Sale of ice cream = Y (in lakh ₹)
x̄ = 40, ȳ = 1.2, Σxy = 306, S_x² = 20
Obtain the regression line of sale of ice cream on maximum temperature. Estimate the sale of ice cream if the maximum temperature on a day is 42 Celsius.
Answer:
Here, n = 6; x̄ = 40; ȳ = 1.2; Σxy = 306 and S_x² = 20 are given.
The regression line of sale of ice cream (Y) on the maximum temperature (X) :
ŷ = a + bx
b = \(\frac{\Sigma x y-n \bar{x} \bar{y}}{n \cdot \mathrm{S}_{x}{ }^{2}}\)

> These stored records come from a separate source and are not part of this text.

(* Let $V$ be an inhomogeneous $Y$-random evolution, $s\in J$ and $\omega \in \Omega$. Then $V(\cdot,\cdot)(\omega)$ is an inhomogeneous $Y$-semigroup. Further, if $V$ is regular, then $u \mapsto V(s,u)(\omega)$ is $Y$-strongly RCLL on $J(s)$, i.e. for every $f \in Y$, $u \mapsto V(s,u)(\omega)f$ belongs to $D(J(s),(Y,\|\cdot\|))$; more precisely, for $f \in Y$, \[ V(s,u^-)f=V(s,u)f \ \text{ if } u \notin \{T_{n}(s): n \in \mathbb{N}\},\qquad V(s, T_{n+1}(s))f= V(s, T_{n+1}(s)^-) D(x_{n}(s),x_{n+1}(s))f \ \ \forall n \in \mathbb{N}, \] where $V(s,t^-)f:=\lim_{u \uparrow t} V(s,u)f$.
   Context: $(Y,\|\cdot\|)$ is a real separable Banach space with Borel $\sigma$-algebra $\mathcal Y$, $(Y_1,\|\cdot\|_{Y_1})$ a real separable Banach space continuously embedded in $Y$; $J$ is $\mathbb{R}^+$ or $[0,T_\infty]$, $\Delta_J=\{(s,t)\in J^2:s\le t\}$, $J(s)=\{t\in J:t\ge s\}$; $D(J(s),Y)$ is the space of right-continuous functions with left limits. An inhomogeneous $Y$-semigroup is a map $\Gamma:\Delta_J\to\mathcal B(Y)$ with $\Gamma(t,t)=I$ and $\Gamma(s,r)\Gamma(r,t)=\Gamma(s,t)$ for $s\le r\le t$. Generator: $\mathcal D(A_\Gamma(t))$ is the set of $f\in Y$ such that $\lim_{h\downarrow0,\,t+h\in J}h^{-1}(\Gamma(t,t+h)-I)f$ and $\lim_{h\downarrow0,\,t-h\in J}h^{-1}(\Gamma(t-h,t)-I)f$ exist and are equal ($=A_\Gamma(t)f$), $\mathcal D(A_\Gamma)=\bigcap_t\mathcal D(A_\Gamma(t))$. $\Gamma$ is regular if $Y_1\subseteq\mathcal D(A_\Gamma)$; $\Gamma(s,t)Y_1\subseteq Y_1$ and $u\mapsto\Gamma(u,t)f$ is $\|\cdot\|_{Y_1}$-continuous for $f\in Y_1$; $u\mapsto\Gamma(s,u)f$ is $Y$-continuous on $J(s)$ for $f\in Y$; and $u\mapsto\Gamma(s,u)A_\Gamma(u)f$ is Bochner integrable on $[s,t]$ for $f\in Y_1$. Probabilistic setting: $(\Omega,\mathcal F,\mathbb P)$ complete; $X$ finite with all subsets as $\sigma$-algebra $\mathcal X$; $(x_n,T_n)_{n\ge0}$ a Markov renewal process ($x_n\in X$, $T_0=0$, $T_n=\sum_{k\le n}\tau_k$, $\tau_k>0$) with semi-Markov kernel $Q$; $N(t)=\sup\{n:T_n\le t\}$, $\Omega$ restricted to the full-measure event $\{N(t)<\infty\ \forall t\in\mathbb Q\}$; $x(t)=x_{N(t)}$; $N_s(t)=N(t)-N(s)$, $T_0(s)=s$, $T_n(s)=T_{N(s)+n}$ ($n\ge1$), $x_n(s)=x(T_n(s))$. $(\Gamma_x)_{x\in X}$ inhomogeneous $Y$-semigroups with generators $A_x$, with $(r,t,x,f)\mapsto\Gamma_x(r\wedge t,r\vee t)f$ jointly measurable; $(D(x,y))_{x,y}\subseteq\mathcal B(Y)$ contractions with $(x,y,f)\mapsto D(x,y)f$ measurable. The inhomogeneous $Y$-random evolution is $V(s,t)=\big[\prod_{k=1}^{N_s(t)}\Gamma_{x_{k-1}(s)}(T_{k-1}(s),T_k(s))D(x_{k-1}(s),x_k(s))\big]\Gamma_{x(t)}(T_{N_s(t)}(s),t)$ (product ordered left to right, empty product $I$), defined pathwise on $\Delta_J\times\Omega$. $V$ is regular if every $\Gamma_x$ is regular. *)

From HB Require Import structures.
From mathcomp Require Import all_boot all_order all_algebra.
From mathcomp Require Import all_classical all_reals all_analysis.
From mathcomp Require Import measurable_realfun.
Set Implicit Arguments. Unset Strict Implicit. Unset Printing Implicit Defensive.
Import Order.TTheory GRing.Theory Num.Theory.
Import numFieldNormedType.Exports.
Local Open Scope classical_set_scope.
Local Open Scope ring_scope.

= \(\frac{306-6(40)(1.2)}{6 \times 20}\)
= \(\frac{306-288}{120}\)
= \(\frac{18}{120}\)
= 0.15

a = ȳ – bx̄
= 1.2 – 0.15 (40)
= 1.2 – 6
= – 4.8
Putting a = – 4.8 and b = 0.15 in ŷ = a + bx,
we get ŷ = – 4.8 + 0.15 x

Estimate of sale of ice cream (Y) when temperature X = 42 (celsius):
Putting x = 42 in ŷ = – 4.8 + 0.15x, we get
ŷ = – 4.8 + 0.15 (42)
= – 4.8 + 6.3
= 1.5
Hence, the estimate of sale of ice cream obtained is ŷ = ₹ 1.5 lakh.